(* Consider the local public good game described in the context and suppose $\gamma_i'(W)\in(0,1)$ for all $i\in N$ and all $W$, and that a sociable Nash equilibrium $(x^*,y^*,g^* )$ with non-empty $g^*$ exists. Then the efficient solution can be implemented as a Nash equilibrium by fixing a personalized price of the public good $p_x\in(0,1)$ for the hub $h$ of the efficient star, financed by lump-sum taxes $\tau_1,\dots,\tau_n$ levied on players, with $\sum_i\tau_i=(1-p_x)x_h$.
   Context: There is a finite set of players $N=\{1,\dots,n\}$. Each player $i$ chooses a public good provision $x_i\ge 0$, a private good consumption $y_i\ge 0$, and links $g_i\in\{0,1\}^n$ with $g_{ii}=0$; $g_{ij}=1$ means $i$ links to $j$. Let $\eta_i(g)=|\{j:g_{ij}=1\}|$. Each link costs its sponsor $k>0$. Player $i$'s public good consumption is $\bar x_i=x_i+\sum_jg_{ij}x_j$. Player $i$ maximizes $U_i(\bar x_i,y_i)$ subject to $x_i+p_iy_i+\eta_i(g)k=w_i$, where $w_i>0$, $p_i>0$, and $U_i$ is twice continuously differentiable, strictly concave and increasing in both arguments. The Engel curve $\gamma_i$ gives, for income $W$, the public good consumption maximizing $U_i(\bar x,y)$ subject to $\bar x+p_iy=W$; it is continuously differentiable. A Nash equilibrium is a profile in which each player's strategy solves her maximization problem given the others'; it is sociable if any player who is indifferent between establishing a link or not establishes it. The efficient solution maximizes $\sum_iU_i(\bar x_i,y_i)$ subject to $\sum_i(x_i+p_iy_i+\eta_i(g)k)\le\sum_iw_i$; its network is empty or a star (a hub $h$ to which other connected players link) in which only the hub provides the public good, possibly with isolated players. Under the policy, the hub's budget becomes $p_xx_h+p_hy_h+\eta_h(g)k=w_h-\tau_h$ and every other player's becomes $x_i+p_iy_i+\eta_i(g)k=w_i-\tau_i$. *)

From Stdlib Require Import Reals Lra List.
From Coquelicot Require Import Coquelicot.
Open Scope R_scope.

(** Players are the naturals 0, ..., n-1. *)

Definition sumN (n : nat) (f : nat -> R) : R :=
  fold_right Rplus 0 (map f (List.seq 0 n)).

Definition nlinks (n : nat) (gi : nat -> bool) : R :=
  sumN n (fun j => if gi j then 1 else 0).

Definition util (n : nat) (U : nat -> R -> R -> R) (x : nat -> R) (i : nat)
    (xi yi : R) (gi : nat -> bool) : R :=
  U i (xi + sumN n (fun j => if gi j then x j else 0)) yi.

(** Feasible strategy of player i for the budget
      c_i * x_i + p_i * y_i + eta_i(g) * k = m_i
    (original game: c_i = 1, m_i = w_i; policy: c_h = p_x, m_i = w_i - tau_i). *)
Definition feasible (n : nat) (p : nat -> R) (k : R) (c m : nat -> R) (i : nat)
    (xi yi : R) (gi : nat -> bool) : Prop :=
  0 <= xi /\ 0 <= yi /\ gi i = false /\
  c i * xi + p i * yi + nlinks n gi * k = m i.

Definition is_NE (n : nat) (U : nat -> R -> R -> R) (p : nat -> R) (k : R)
    (c m : nat -> R) (x y : nat -> R) (g : nat -> nat -> bool) : Prop :=
  forall i, (i < n)%nat ->
    feasible n p k c m i (x i) (y i) (g i) /\
    forall xi yi gi, feasible n p k c m i xi yi gi ->
      util n U x i xi yi gi <= util n U x i (x i) (y i) (g i).

(** Sociable Nash equilibrium: a player who is indifferent between establishing
    a link or not establishes it; i.e. if g_ij = 0 then no feasible strategy of
    i containing the link ij does as well as her equilibrium strategy. *)
Definition is_sociable_NE (n : nat) (U : nat -> R -> R -> R) (p : nat -> R) (k : R)
    (c m : nat -> R) (x y : nat -> R) (g : nat -> nat -> bool) : Prop :=
  is_NE n U p k c m x y g /\
  forall i j, (i < n)%nat -> (j < n)%nat -> j <> i -> g i j = false ->
    forall xi yi gi, feasible n p k c m i xi yi gi -> gi j = true ->
      util n U x i xi yi gi < util n U x i (x i) (y i) (g i).

Definition admissible (n : nat) (x y : nat -> R) (g : nat -> nat -> bool) : Prop :=
  forall i, (i < n)%nat -> 0 <= x i /\ 0 <= y i /\ g i i = false.

Definition agg_feasible (n : nat) (p w : nat -> R) (k : R)
    (x y : nat -> R) (g : nat -> nat -> bool) : Prop :=
  sumN n (fun i => x i + p i * y i + nlinks n (g i) * k) <= sumN n w.

Definition welfare (n : nat) (U : nat -> R -> R -> R) (x y : nat -> R)
    (g : nat -> nat -> bool) : R :=
  sumN n (fun i => util n U x i (x i) (y i) (g i)).

Definition is_efficient (n : nat) (U : nat -> R -> R -> R) (p w : nat -> R) (k : R)
    (x y : nat -> R) (g : nat -> nat -> bool) : Prop :=
  admissible n x y g /\ agg_feasible n p w k x y g /\
  forall x' y' g', admissible n x' y' g' -> agg_feasible n p w k x' y' g' ->
    welfare n U x' y' g' <= welfare n U x y g.

Definition nonempty_net (n : nat) (g : nat -> nat -> bool) : Prop :=
  exists i j, (i < n)%nat /\ (j < n)%nat /\ g i j = true.

Definition star_hub (n : nat) (g : nat -> nat -> bool) (h : nat) : Prop :=
  (h < n)%nat /\
  (exists i, (i < n)%nat /\ g i h = true) /\
  (forall i j, (i < n)%nat -> (j < n)%nat -> g i j = true -> j = h).

Definition D1 (f : R -> R -> R) : R -> R -> R := fun s t => Derive (fun u => f u t) s.
Definition D2 (f : R -> R -> R) : R -> R -> R := fun s t => Derive (fun u => f s u) t.

Definition has_partials (f : R -> R -> R) (a b : R) : Prop :=
  ex_derive (fun u => f u b) a /\ ex_derive (fun u => f a u) b.

Definition cont2 (f : R -> R -> R) (a b : R) : Prop :=
  continuous (fun z : R * R => f (fst z) (snd z)) (a, b).

Definition C2_pos (f : R -> R -> R) : Prop :=
  forall a b, 0 < a -> 0 < b ->
    has_partials f a b /\ has_partials (D1 f) a b /\ has_partials (D2 f) a b /\
    cont2 f a b /\ cont2 (D1 f) a b /\ cont2 (D2 f) a b /\
    cont2 (D1 (D1 f)) a b /\ cont2 (D2 (D1 f)) a b /\
    cont2 (D1 (D2 f)) a b /\ cont2 (D2 (D2 f)) a b.

Definition strictly_concave (f : R -> R -> R) : Prop :=
  forall a b c d t, 0 <= a -> 0 <= b -> 0 <= c -> 0 <= d -> (a, b) <> (c, d) ->
    0 < t < 1 ->
    t * f a b + (1 - t) * f c d < f (t * a + (1 - t) * c) (t * b + (1 - t) * d).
----------
Your assignment: Transcribe the data above completely and exactly.

Response area:
(* Consider the local public good game described in the context and suppose $\gamma_i'(W)\in(0,1)$ for all $i\in N$ and all $W$, and that a sociable Nash equilibrium $(x^*,y^*,g^* )$ with non-empty $g^*$ exists. Then the efficient solution can be implemented as a Nash equilibrium by fixing a personalized price of the public good $p_x\in(0,1)$ for the hub $h$ of the efficient star, financed by lump-sum taxes $\tau_1,\dots,\tau_n$ levied on players, with $\sum_i\tau_i=(1-p_x)x_h$.
   Context: There is a finite set of players $N=\{1,\dots,n\}$. Each player $i$ chooses a public good provision $x_i\ge 0$, a private good consumption $y_i\ge 0$, and links $g_i\in\{0,1\}^n$ with $g_{ii}=0$; $g_{ij}=1$ means $i$ links to $j$. Let $\eta_i(g)=|\{j:g_{ij}=1\}|$. Each link costs its sponsor $k>0$. Player $i$'s public good consumption is $\bar x_i=x_i+\sum_jg_{ij}x_j$. Player $i$ maximizes $U_i(\bar x_i,y_i)$ subject to $x_i+p_iy_i+\eta_i(g)k=w_i$, where $w_i>0$, $p_i>0$, and $U_i$ is twice continuously differentiable, strictly concave and increasing in both arguments. The Engel curve $\gamma_i$ gives, for income $W$, the public good consumption maximizing $U_i(\bar x,y)$ subject to $\bar x+p_iy=W$; it is continuously differentiable. A Nash equilibrium is a profile in which each player's strategy solves her maximization problem given the others'; it is sociable if any player who is indifferent between establishing a link or not establishes it. The efficient solution maximizes $\sum_iU_i(\bar x_i,y_i)$ subject to $\sum_i(x_i+p_iy_i+\eta_i(g)k)\le\sum_iw_i$; its network is empty or a star (a hub $h$ to which other connected players link) in which only the hub provides the public good, possibly with isolated players. Under the policy, the hub's budget becomes $p_xx_h+p_hy_h+\eta_h(g)k=w_h-\tau_h$ and every other player's becomes $x_i+p_iy_i+\eta_i(g)k=w_i-\tau_i$. *)

From Stdlib Require Import Reals Lra List.
From Coquelicot Require Import Coquelicot.
Open Scope R_scope.

(** Players are the naturals 0, ..., n-1. *)

Definition sumN (n : nat) (f : nat -> R) : R :=
  fold_right Rplus 0 (map f (List.seq 0 n)).

Definition nlinks (n : nat) (gi : nat -> bool) : R :=
  sumN n (fun j => if gi j then 1 else 0).

Definition util (n : nat) (U : nat -> R -> R -> R) (x : nat -> R) (i : nat)
    (xi yi : R) (gi : nat -> bool) : R :=
  U i (xi + sumN n (fun j => if gi j then x j else 0)) yi.

(** Feasible strategy of player i for the budget
      c_i * x_i + p_i * y_i + eta_i(g) * k = m_i
    (original game: c_i = 1, m_i = w_i; policy: c_h = p_x, m_i = w_i - tau_i). *)
Definition feasible (n : nat) (p : nat -> R) (k : R) (c m : nat -> R) (i : nat)
    (xi yi : R) (gi : nat -> bool) : Prop :=
  0 <= xi /\ 0 <= yi /\ gi i = false /\
  c i * xi + p i * yi + nlinks n gi * k = m i.

Definition is_NE (n : nat) (U : nat -> R -> R -> R) (p : nat -> R) (k : R)
    (c m : nat -> R) (x y : nat -> R) (g : nat -> nat -> bool) : Prop :=
  forall i, (i < n)%nat ->
    feasible n p k c m i (x i) (y i) (g i) /\
    forall xi yi gi, feasible n p k c m i xi yi gi ->
      util n U x i xi yi gi <= util n U x i (x i) (y i) (g i).

(** Sociable Nash equilibrium: a player who is indifferent between establishing
    a link or not establishes it; i.e. if g_ij = 0 then no feasible strategy of
    i containing the link ij does as well as her equilibrium strategy. *)
Definition is_sociable_NE (n : nat) (U : nat -> R -> R -> R) (p : nat -> R) (k : R)
    (c m : nat -> R) (x y : nat -> R) (g : nat -> nat -> bool) : Prop :=
  is_NE n U p k c m x y g /\
  forall i j, (i < n)%nat -> (j < n)%nat -> j <> i -> g i j = false ->
    forall xi yi gi, feasible n p k c m i xi yi gi -> gi j = true ->
      util n U x i xi yi gi < util n U x i (x i) (y i) (g i).

Definition admissible (n : nat) (x y : nat -> R) (g : nat -> nat -> bool) : Prop :=
  forall i, (i < n)%nat -> 0 <= x i /\ 0 <= y i /\ g i i = false.

Definition agg_feasible (n : nat) (p w : nat -> R) (k : R)
    (x y : nat -> R) (g : nat -> nat -> bool) : Prop :=
  sumN n (fun i => x i + p i * y i + nlinks n (g i) * k) <= sumN n w.

Definition welfare (n : nat) (U : nat -> R -> R -> R) (x y : nat -> R)
    (g : nat -> nat -> bool) : R :=
  sumN n (fun i => util n U x i (x i) (y i) (g i)).

Definition is_efficient (n : nat) (U : nat -> R -> R -> R) (p w : nat -> R) (k : R)
    (x y : nat -> R) (g : nat -> nat -> bool) : Prop :=
  admissible n x y g /\ agg_feasible n p w k x y g /\
  forall x' y' g', admissible n x' y' g' -> agg_feasible n p w k x' y' g' ->
    welfare n U x' y' g' <= welfare n U x y g.

Definition nonempty_net (n : nat) (g : nat -> nat -> bool) : Prop :=
  exists i j, (i < n)%nat /\ (j < n)%nat /\ g i j = true.

Definition star_hub (n : nat) (g : nat -> nat -> bool) (h : nat) : Prop :=
  (h < n)%nat /\
  (exists i, (i < n)%nat /\ g i h = true) /\
  (forall i j, (i < n)%nat -> (j < n)%nat -> g i j = true -> j = h).

Definition D1 (f : R -> R -> R) : R -> R -> R := fun s t => Derive (fun u => f u t) s.
Definition D2 (f : R -> R -> R) : R -> R -> R := fun s t => Derive (fun u => f s u) t.

Definition has_partials (f : R -> R -> R) (a b : R) : Prop :=
  ex_derive (fun u => f u b) a /\ ex_derive (fun u => f a u) b.

Definition cont2 (f : R -> R -> R) (a b : R) : Prop :=
  continuous (fun z : R * R => f (fst z) (snd z)) (a, b).

Definition C2_pos (f : R -> R -> R) : Prop :=
  forall a b, 0 < a -> 0 < b ->
    has_partials f a b /\ has_partials (D1 f) a b /\ has_partials (D2 f) a b /\
    cont2 f a b /\ cont2 (D1 f) a b /\ cont2 (D2 f) a b /\
    cont2 (D1 (D1 f)) a b /\ cont2 (D2 (D1 f)) a b /\
    cont2 (D1 (D2 f)) a b /\ cont2 (D2 (D2 f)) a b.

Definition strictly_concave (f : R -> R -> R) : Prop :=
  forall a b c d t, 0 <= a -> 0 <= b -> 0 <= c -> 0 <= d -> (a, b) <> (c, d) ->
    0 < t < 1 ->
    t * f a b + (1 - t) * f c d < f (t * a + (1 - t) * c) (t * b + (1 - t) * d).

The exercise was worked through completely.